# [Dataset records]
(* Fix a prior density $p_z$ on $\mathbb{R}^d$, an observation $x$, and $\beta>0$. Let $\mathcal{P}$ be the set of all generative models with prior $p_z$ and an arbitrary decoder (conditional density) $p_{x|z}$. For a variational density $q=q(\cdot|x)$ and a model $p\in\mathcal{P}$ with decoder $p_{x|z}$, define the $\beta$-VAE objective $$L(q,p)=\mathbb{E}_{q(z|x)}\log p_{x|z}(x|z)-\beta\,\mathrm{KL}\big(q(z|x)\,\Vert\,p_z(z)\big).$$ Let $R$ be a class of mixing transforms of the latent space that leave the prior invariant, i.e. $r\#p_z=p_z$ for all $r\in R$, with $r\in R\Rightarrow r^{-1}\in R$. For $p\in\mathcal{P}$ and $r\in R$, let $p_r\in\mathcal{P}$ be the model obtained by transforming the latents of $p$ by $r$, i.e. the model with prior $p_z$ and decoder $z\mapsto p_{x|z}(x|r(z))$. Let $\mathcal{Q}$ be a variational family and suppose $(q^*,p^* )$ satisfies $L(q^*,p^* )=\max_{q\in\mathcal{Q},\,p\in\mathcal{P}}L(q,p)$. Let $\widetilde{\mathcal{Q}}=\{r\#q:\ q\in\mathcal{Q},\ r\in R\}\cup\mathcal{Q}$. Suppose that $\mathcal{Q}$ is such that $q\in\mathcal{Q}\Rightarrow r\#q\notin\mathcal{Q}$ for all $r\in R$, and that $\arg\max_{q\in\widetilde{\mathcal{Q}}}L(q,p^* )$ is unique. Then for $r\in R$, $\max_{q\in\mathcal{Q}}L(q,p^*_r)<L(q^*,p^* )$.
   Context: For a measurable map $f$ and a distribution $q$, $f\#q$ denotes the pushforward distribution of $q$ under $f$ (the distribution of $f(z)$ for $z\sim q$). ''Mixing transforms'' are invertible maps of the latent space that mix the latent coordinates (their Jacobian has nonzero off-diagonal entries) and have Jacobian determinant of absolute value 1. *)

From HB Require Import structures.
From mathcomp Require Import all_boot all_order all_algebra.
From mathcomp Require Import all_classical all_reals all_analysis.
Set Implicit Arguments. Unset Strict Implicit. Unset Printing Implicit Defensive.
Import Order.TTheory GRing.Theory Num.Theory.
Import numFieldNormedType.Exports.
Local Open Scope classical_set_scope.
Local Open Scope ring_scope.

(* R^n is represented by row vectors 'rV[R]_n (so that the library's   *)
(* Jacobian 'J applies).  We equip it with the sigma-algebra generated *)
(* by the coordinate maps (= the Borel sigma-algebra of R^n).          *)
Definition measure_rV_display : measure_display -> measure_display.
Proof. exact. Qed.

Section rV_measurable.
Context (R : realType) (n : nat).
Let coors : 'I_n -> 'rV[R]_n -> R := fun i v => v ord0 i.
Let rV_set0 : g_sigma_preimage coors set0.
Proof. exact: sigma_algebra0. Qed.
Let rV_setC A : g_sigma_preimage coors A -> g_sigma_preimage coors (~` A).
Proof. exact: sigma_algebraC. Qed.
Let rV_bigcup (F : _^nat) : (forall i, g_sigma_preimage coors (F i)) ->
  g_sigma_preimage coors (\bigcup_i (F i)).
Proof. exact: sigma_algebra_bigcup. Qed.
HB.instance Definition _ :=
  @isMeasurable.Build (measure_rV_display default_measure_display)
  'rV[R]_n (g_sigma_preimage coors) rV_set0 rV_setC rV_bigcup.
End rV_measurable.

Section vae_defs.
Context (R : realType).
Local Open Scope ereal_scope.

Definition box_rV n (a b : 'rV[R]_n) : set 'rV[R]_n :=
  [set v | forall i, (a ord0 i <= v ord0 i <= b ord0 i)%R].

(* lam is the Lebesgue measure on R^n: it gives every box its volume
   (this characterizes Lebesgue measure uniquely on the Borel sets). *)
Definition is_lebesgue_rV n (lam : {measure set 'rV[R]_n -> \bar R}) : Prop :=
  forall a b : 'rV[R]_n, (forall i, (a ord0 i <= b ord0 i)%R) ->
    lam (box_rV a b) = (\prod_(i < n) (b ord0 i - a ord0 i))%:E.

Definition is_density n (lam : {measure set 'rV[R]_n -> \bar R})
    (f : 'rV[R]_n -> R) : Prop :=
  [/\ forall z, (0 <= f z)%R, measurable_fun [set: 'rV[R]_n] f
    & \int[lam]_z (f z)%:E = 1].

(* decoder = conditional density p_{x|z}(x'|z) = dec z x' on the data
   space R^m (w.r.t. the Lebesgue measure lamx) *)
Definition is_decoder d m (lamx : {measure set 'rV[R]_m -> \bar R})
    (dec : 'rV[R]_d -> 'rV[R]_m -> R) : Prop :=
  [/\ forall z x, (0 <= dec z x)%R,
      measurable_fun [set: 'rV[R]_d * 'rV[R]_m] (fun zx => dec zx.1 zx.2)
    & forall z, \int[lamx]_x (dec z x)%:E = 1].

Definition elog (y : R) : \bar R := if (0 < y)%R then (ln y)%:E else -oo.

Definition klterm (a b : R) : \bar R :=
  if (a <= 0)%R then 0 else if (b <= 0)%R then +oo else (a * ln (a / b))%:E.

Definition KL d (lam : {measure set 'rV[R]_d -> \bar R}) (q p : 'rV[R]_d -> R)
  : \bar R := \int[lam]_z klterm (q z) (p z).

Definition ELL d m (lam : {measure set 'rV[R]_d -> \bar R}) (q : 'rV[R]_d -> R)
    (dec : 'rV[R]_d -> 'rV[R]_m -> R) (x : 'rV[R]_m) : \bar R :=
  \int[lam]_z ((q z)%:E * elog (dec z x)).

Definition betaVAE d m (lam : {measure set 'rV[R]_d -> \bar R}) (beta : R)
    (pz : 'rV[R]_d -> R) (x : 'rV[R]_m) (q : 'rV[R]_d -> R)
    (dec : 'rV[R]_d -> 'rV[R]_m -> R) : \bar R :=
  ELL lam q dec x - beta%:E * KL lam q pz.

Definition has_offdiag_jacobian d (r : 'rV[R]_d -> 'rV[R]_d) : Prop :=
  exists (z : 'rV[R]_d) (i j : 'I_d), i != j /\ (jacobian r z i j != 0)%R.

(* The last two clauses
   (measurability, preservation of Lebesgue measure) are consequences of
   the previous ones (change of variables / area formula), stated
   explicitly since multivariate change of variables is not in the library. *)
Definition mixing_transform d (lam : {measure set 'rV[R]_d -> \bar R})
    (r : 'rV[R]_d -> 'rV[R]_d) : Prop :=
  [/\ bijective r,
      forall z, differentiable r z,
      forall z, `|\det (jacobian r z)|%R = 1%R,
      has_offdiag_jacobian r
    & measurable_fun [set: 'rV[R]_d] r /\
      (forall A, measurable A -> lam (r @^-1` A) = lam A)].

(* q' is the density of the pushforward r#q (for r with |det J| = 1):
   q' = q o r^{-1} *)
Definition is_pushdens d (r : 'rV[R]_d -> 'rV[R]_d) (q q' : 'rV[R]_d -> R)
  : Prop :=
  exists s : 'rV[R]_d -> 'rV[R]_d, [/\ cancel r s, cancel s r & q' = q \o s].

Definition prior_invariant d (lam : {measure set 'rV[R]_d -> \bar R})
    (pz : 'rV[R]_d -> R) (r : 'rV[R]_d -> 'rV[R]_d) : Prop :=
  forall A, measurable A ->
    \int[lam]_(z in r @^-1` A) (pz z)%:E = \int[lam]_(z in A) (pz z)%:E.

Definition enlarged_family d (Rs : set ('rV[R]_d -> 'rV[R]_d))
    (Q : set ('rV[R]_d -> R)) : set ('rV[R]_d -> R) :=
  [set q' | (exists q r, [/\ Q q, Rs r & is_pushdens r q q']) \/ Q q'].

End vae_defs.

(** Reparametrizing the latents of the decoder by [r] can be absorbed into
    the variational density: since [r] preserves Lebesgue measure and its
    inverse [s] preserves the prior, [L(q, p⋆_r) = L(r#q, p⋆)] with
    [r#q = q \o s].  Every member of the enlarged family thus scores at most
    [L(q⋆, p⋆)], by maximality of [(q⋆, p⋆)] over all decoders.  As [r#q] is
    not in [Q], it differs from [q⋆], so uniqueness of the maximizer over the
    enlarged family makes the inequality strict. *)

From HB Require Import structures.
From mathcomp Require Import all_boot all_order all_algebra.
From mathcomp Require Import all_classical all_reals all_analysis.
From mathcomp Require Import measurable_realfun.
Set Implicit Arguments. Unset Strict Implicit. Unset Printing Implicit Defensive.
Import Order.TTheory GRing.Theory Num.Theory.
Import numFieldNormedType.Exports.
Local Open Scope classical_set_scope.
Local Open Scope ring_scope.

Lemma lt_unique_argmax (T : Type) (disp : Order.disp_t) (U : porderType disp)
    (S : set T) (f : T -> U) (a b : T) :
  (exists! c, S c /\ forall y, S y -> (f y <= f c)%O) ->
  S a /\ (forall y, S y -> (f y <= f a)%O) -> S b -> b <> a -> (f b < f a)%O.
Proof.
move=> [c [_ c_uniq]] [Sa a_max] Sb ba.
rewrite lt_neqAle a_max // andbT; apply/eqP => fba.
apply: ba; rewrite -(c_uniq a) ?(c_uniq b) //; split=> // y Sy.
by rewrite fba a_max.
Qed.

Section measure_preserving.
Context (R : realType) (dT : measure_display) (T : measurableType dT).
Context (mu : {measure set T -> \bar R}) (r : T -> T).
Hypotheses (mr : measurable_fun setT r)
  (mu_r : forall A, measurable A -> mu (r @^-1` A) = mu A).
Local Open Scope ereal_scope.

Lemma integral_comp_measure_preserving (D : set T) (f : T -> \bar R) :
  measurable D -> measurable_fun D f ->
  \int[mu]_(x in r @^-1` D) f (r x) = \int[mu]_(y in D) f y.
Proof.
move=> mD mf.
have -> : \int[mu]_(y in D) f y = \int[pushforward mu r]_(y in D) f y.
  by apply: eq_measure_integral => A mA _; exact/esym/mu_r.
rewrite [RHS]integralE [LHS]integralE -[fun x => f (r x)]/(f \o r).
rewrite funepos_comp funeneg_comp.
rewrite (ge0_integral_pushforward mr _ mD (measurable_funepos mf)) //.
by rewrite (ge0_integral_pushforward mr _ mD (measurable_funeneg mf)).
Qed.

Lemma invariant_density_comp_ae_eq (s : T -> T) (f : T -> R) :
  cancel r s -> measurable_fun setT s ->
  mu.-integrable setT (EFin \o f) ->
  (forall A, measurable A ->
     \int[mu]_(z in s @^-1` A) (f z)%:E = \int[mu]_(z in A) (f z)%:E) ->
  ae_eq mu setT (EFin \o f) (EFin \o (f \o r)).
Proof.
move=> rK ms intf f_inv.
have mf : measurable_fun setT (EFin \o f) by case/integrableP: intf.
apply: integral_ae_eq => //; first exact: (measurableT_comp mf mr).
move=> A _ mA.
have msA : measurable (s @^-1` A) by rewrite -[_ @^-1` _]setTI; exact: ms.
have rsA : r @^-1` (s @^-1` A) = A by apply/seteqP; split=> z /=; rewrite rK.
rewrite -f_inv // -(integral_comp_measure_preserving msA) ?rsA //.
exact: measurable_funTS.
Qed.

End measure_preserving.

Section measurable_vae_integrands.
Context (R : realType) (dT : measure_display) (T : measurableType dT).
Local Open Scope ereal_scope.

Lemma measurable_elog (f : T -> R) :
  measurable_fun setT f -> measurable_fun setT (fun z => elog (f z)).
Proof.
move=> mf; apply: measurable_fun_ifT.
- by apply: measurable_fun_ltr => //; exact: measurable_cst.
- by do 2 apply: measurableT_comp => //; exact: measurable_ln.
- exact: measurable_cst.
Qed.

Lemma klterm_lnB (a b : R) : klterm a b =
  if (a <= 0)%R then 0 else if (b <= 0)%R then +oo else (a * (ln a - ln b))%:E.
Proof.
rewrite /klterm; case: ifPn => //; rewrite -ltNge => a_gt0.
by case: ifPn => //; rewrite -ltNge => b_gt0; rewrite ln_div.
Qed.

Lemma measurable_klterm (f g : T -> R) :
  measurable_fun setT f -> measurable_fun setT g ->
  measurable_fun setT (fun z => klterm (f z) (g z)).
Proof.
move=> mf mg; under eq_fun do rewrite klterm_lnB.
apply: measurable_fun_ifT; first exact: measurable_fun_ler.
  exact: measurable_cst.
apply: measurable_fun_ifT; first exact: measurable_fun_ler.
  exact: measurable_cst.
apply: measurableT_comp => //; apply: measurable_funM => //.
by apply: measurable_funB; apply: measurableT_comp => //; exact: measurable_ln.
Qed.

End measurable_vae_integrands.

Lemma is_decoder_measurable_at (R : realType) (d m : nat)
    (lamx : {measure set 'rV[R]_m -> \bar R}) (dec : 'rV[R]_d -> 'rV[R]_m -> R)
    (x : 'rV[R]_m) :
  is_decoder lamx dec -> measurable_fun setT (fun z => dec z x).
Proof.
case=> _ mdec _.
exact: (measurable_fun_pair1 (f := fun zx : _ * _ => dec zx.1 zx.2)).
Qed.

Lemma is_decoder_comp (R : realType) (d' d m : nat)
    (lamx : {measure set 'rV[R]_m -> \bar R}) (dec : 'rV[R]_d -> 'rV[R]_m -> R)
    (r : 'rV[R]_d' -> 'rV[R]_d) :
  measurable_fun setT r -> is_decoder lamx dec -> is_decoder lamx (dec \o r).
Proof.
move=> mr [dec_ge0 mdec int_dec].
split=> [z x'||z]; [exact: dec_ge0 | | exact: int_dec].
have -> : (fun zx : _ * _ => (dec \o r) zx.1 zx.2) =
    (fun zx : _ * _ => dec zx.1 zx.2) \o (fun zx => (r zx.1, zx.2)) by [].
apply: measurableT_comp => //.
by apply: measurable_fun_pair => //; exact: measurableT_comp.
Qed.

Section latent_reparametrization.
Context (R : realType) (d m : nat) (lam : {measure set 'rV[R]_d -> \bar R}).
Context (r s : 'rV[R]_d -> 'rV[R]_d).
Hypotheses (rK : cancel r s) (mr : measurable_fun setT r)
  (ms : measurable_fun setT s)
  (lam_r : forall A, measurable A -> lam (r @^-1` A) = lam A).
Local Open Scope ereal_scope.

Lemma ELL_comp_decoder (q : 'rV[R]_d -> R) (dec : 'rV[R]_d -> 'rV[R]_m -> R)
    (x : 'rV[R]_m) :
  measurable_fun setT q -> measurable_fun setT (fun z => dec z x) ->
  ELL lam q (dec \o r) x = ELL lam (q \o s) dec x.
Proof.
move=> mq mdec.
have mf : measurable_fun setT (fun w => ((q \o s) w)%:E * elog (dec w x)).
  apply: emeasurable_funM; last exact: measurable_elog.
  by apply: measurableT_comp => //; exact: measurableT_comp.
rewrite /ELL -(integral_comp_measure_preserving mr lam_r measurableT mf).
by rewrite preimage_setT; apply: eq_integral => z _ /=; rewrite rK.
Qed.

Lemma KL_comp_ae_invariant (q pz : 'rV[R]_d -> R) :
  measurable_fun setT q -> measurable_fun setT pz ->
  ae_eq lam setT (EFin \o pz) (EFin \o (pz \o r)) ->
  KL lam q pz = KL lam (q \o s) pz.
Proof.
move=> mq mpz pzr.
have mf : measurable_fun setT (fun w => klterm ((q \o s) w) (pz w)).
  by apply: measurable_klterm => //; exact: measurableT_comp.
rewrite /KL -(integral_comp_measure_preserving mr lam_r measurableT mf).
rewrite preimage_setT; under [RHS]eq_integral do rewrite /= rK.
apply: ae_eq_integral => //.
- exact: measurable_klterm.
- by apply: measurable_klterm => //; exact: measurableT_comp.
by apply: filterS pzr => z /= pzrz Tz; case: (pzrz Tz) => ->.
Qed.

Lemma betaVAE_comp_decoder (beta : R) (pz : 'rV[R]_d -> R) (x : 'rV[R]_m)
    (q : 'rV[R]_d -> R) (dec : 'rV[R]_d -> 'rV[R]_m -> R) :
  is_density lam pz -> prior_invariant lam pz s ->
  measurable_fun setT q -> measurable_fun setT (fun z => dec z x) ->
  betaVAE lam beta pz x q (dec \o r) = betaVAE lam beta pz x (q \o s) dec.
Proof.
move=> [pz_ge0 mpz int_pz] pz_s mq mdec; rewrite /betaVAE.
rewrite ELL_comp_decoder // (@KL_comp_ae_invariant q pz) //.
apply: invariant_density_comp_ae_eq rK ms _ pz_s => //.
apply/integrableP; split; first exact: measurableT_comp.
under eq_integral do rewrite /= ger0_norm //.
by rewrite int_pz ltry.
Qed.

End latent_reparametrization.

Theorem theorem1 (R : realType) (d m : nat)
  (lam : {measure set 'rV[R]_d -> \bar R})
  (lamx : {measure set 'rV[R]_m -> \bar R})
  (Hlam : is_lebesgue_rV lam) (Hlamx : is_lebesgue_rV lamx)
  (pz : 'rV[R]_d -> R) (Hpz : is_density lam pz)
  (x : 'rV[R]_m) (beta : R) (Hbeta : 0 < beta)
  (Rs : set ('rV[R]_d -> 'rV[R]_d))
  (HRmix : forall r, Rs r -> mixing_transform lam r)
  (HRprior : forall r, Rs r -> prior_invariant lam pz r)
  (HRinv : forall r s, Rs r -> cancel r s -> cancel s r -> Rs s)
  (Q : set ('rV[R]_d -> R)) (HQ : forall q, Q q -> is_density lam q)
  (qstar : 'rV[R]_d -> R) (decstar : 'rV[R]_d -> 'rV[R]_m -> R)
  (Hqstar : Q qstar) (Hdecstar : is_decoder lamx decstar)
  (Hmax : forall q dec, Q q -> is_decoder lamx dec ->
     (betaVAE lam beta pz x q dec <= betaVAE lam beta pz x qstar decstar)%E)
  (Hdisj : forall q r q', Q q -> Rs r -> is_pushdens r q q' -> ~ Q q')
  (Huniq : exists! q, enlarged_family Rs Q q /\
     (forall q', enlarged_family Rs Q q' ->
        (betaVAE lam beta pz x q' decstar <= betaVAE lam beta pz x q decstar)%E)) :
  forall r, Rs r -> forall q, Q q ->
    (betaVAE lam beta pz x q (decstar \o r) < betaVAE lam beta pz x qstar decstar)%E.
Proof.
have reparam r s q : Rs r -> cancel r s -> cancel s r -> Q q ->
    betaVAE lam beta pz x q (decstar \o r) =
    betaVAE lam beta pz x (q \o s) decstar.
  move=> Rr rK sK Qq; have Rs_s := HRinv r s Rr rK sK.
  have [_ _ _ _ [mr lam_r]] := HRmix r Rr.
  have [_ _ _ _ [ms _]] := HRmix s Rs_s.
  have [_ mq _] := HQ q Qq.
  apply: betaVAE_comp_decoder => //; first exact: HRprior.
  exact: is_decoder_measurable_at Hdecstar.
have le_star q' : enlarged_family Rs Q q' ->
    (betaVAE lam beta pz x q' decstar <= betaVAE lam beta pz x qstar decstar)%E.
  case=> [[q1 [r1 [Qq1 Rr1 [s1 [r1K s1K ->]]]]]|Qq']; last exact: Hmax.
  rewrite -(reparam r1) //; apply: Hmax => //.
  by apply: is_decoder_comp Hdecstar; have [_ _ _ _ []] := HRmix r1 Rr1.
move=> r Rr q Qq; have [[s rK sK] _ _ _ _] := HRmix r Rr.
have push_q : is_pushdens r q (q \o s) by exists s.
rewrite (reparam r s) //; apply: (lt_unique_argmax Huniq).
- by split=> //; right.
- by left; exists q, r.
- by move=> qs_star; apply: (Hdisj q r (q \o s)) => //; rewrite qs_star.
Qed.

# [What needs to be done]
Your task for the entries above: copy exactly the span starting with the line with "Let coors : 'I_n" and going on through the line with "Proof. exact: sigma_algebra_bigcup. Qed.", both lines included, and nothing else.

# [Output for this exercise]
Let coors : 'I_n -> 'rV[R]_n -> R := fun i v => v ord0 i.
Let rV_set0 : g_sigma_preimage coors set0.
Proof. exact: sigma_algebra0. Qed.
Let rV_setC A : g_sigma_preimage coors A -> g_sigma_preimage coors (~` A).
Proof. exact: sigma_algebraC. Qed.
Let rV_bigcup (F : _^nat) : (forall i, g_sigma_preimage coors (F i)) ->
  g_sigma_preimage coors (\bigcup_i (F i)).
Proof. exact: sigma_algebra_bigcup. Qed.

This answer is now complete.